━━━ Provided entries

(* For every integer $i\ge 1$, the sequence $\{d_i(m)\}_{m\ge i}$ is strictly ratio-log-convex; that is, for every $i\ge 1$ and every $m\ge i+2$, $$\left(\frac{d_i(m)}{d_i(m-1)}\right)^2<\frac{d_i(m-1)}{d_i(m-2)}\cdot\frac{d_i(m+1)}{d_i(m)}.$$
   Context: For integers $m\ge 0$ and $0\le i\le m$, the Boros–Moll numbers are $$d_i(m)=2^{-2m}\sum_{k=i}^{m}2^k\binom{2m-2k}{m-k}\binom{m+k}{k}\binom{k}{i}.$$ *)

From mathcomp Require Import all_boot all_order all_algebra.
Set Implicit Arguments. Unset Strict Implicit. Unset Printing Implicit Defensive.
Import Order.TTheory GRing.Theory Num.Theory.
Local Open Scope ring_scope.

Definition boros_moll (i m : nat) : rat :=
  (2%:R ^+ (2 * m))^-1 *
  \sum_(i <= k < m.+1)
     (2%:R ^+ k * ('C(2 * m - 2 * k, m - k) * 'C(m + k, k) * 'C(k, i))%N%:R).

From mathcomp Require Import all_boot all_order all_algebra.
From mathcomp Require Import ring lra zify.
Set Implicit Arguments. Unset Strict Implicit. Unset Printing Implicit Defensive.
Import Order.TTheory GRing.Theory Num.Theory.
Local Open Scope ring_scope.

(* Write d_i(m) = 4^-m c_i(m).  A Zeilberger certificate gives Moll's three-term
   recurrence for c_i(m), so the ratios r(m) = d_i(m+1)/d_i(m) satisfy
   r(m+1) = A(m) - B(m)/r(m) with explicit rational A, B > 0.  Since
   y |-> A - B/y is increasing, an explicit rational function L with L(i) = r(i)
   and L(m+1) <= A(m) - B(m)/L(m) is a lower bound for r.  For three consecutive
   ratios x, y, z, eliminating x and z with the recurrence turns y^2 < x z into
   the positivity of a quartic in y, which holds for y >= L because, in the
   variables j = i - 1 and k = m - i, its Taylor expansion at L has nonnegative
   integer polynomial coefficients. *)


Section BinomialRatios.

Context {R : numFieldType}.

Lemma natr_binSS (n r : nat) :
  'C(n.+1, r.+1)%:R = 'C(n, r)%:R * n.+1%:R / r.+1%:R :> R.
Proof.
have /(congr1 (fun x => x%:R : R)) := mul_bin_diag n.+1 r; rewrite /= !natrM => e.
have nz : r.+1%:R != 0 :> R by rewrite pnatr_eq0.
by apply: (mulfI nz); rewrite -e mulrCA mulfV // mulr1 mulrC.
Qed.

Lemma natr_binS (n r : nat) : (r <= n)%N ->
  'C(n.+1, r)%:R = 'C(n, r)%:R * n.+1%:R / (n.+1 - r)%:R :> R.
Proof.
move=> le_rn; have nz : (n.+1 - r)%:R != 0 :> R by rewrite pnatr_eq0 subn_eq0 -ltnNge.
have /(congr1 (fun x => x%:R : R)) := mul_bin_down n.+1 r; rewrite /= !natrM => e.
by apply: (mulfI nz); rewrite -e mulrCA mulfV // mulr1 mulrC.
Qed.

Lemma natr_binSr (n r : nat) :
  'C(n, r.+1)%:R = 'C(n, r)%:R * (n - r)%:R / r.+1%:R :> R.
Proof.
have /(congr1 (fun x => x%:R : R)) := mul_bin_left n r; rewrite /= !natrM => e.
have nz : r.+1%:R != 0 :> R by rewrite pnatr_eq0.
by apply: (mulfI nz); rewrite e mulrCA mulfV // mulr1 mulrC.
Qed.

End BinomialRatios.


Ltac nonzero_by_nra := repeat (apply/andP; split); apply: lt0r_neq0; nra.

Definition bm_term (i m k : nat) : rat :=
  2%:R ^+ k * ('C(2 * m - 2 * k, m - k) * 'C(m + k, k) * 'C(k, i))%N%:R.

Definition bm_sum (i m : nat) : rat := \sum_(i <= k < m.+1) bm_term i m k.

Lemma boros_mollE (i m : nat) : boros_moll i m = (2%:R ^+ (2 * m))^-1 * bm_sum i m.
Proof. by []. Qed.

Definition moll_coef0 (i m : nat) : rat :=
  - (4 * (m%:R + i%:R + 1) * (4 * m%:R + 3) * (4 * m%:R + 5)).
Definition moll_coef1 (i m : nat) : rat :=
  2 * (m%:R + 1) * (8 * m%:R ^+ 2 + 24 * m%:R + 19 - 4 * i%:R ^+ 2).
Definition moll_coef2 (i m : nat) : rat :=
  - ((m%:R + 1) * (m%:R + 2) * (m%:R + 2 - i%:R)).

(* Zeilberger certificate for moll_rec. *)
Definition bm_cert_poly (i m k : rat) : rat :=
  -8 - 8 * i - 20 * m - 12 * m * i - 16 * m ^+ 2 - 4 * m ^+ 2 * i - 4 * m ^+ 3
  + 14 * k - 4 * k * i + 20 * k * m + 8 * k * m ^+ 2 - 8 * k ^+ 2 + 4 * k ^+ 2 * i
  - 4 * k ^+ 2 * m.
Definition bm_cert (i m k : nat) : rat :=
  2%:R ^+ k.+1 * (i%:R + 1)
  * ('C(2 * (m.+1 - k), m.+1 - k) * 'C(m + k, k) * 'C(k, i.+1))%N%:R
  * bm_cert_poly i%:R m%:R k%:R / (m%:R + 2 - k%:R).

━━━━━━

Problem to solve: Where the word "Definition" is present in a line of the listing, copy that line.

Completed exercise:
Definition boros_moll (i m : nat) : rat :=
Definition bm_term (i m k : nat) : rat :=
Definition bm_sum (i m : nat) : rat := \sum_(i <= k < m.+1) bm_term i m k.
Definition moll_coef0 (i m : nat) : rat :=
Definition moll_coef1 (i m : nat) : rat :=
Definition moll_coef2 (i m : nat) : rat :=
Definition bm_cert_poly (i m k : rat) : rat :=
Definition bm_cert (i m k : nat) : rat :=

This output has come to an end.